Less than a week later from his evaluation, Itachi met Sakura again. He watched as she cleaned her hands in the sink in her office, slim fingers resting on his chest as green chakra (a colder shade than the color of her eyes, he noted) entered his system.
Her chakra felt different than the one of the other medics; he wondered if it was because he trusted her on some level (a very distant one) or maybe it was just her. It was too soon when her chakra stopped flowing and he could breathe easier, her face inches from his as she smiled in satisfaction. He could see the glint in her eyes, so close to his own, the way they were warm and contented, as if she had solved the most difficult riddle on Earth.

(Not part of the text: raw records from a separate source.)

(* (m+1-lam) P(Z > m) <= lam P(Z = m), first for a finite window of the tail. *)
Lemma poisson_window_vs_mass m t :
  (INR m + 1 - lam) * (poisson_cdf lam (m + t) - poisson_cdf lam m)
  + INR (m + t + 1) * poisson lam (m + t + 1) <= lam * poisson lam m.
Proof.
  induction t as [|t IHt].
  - rewrite Nat.add_0_r, Nat.add_1_r, poisson_succ. lra.
  - replace (m + S t)%nat with (S (m + t)) by lia.
    replace (S (m + t) + 1)%nat with (S (S (m + t))) by lia.
    replace (m + t + 1)%nat with (S (m + t)) in IHt by lia.
    change (poisson_cdf lam (S (m + t))) with (poisson_cdf lam (m + t) + poisson lam (S (m + t))).
    rewrite poisson_succ.
    rewrite S_INR, plus_INR in IHt.
    pose proof (poisson_nonneg (S (m + t))). pose proof (pos_INR t). nra.
Qed.

Lemma poisson_tail_vs_mass m : (1 - poisson_cdf lam m) * (INR m + 1 - lam) <= lam * poisson lam m.
Proof.
  assert (Hcv : Un_cv (fun N => (INR m + 1 - lam) * (sum_f_R0 (poisson lam) N - poisson_cdf lam m))
                      ((INR m + 1 - lam) * (1 - poisson_cdf lam m))).
  { apply CV_mult; [apply Un_cv_const|]. apply CV_minus; [apply poisson_total|apply Un_cv_const]. }
  rewrite Rmult_comm. apply (Un_cv_le_eventually _ _ _ m Hcv). intros N HN.
  replace N with (m + (N - m))%nat by lia. rewrite sum_f_R0_fsum.
  pose proof (poisson_window_vs_mass m (N - m)).
  pose proof (pos_INR (m + (N - m) + 1)). pose proof (poisson_nonneg (m + (N - m) + 1)).
  unfold poisson_cdf in *. nra.
Qed.

End PoissonBounds.


Definition tail_indicator (j k : nat) : R := if Nat.leb j k then 1 else 0.

(* Stein's method for the Poisson tail set {k >= j}: the centred indicator
   h(k) = 1{k >= j} - P(Z >= j) is written as lam g(k+1) - k g(k), where
   g(k+1) = (sum_{m<=k} P(Z = m) h(m)) / (lam P(Z = k)) and g(0) = 0. *)
Definition centred_tail (lam : R) (j k : nat) : R := tail_indicator j k - poisson_tail lam j.

Definition stein_partial (lam : R) (j k : nat) : R :=
  fsum (S k) (fun m => poisson lam m * centred_tail lam j m).

Definition stein_solution (lam : R) (j k : nat) : R :=
  match k with O => 0 | S k' => stein_partial lam j k' / (lam * poisson lam k') end.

He could breathe easier, but there was a strange weight on his chest when she took a step back and walked towards her desk, handing him off papers to sign.
Itachi didn't like it, when he didn't understand things. He was smart, a genius really, and he had a keen eye for puzzles. On this day, he was missing a piece.
And whatever the missing piece was, that was the reason his next words escaped his mouth before he could think them over and throw them in a forgotten part of his brain.
"Would you like to get dango together?"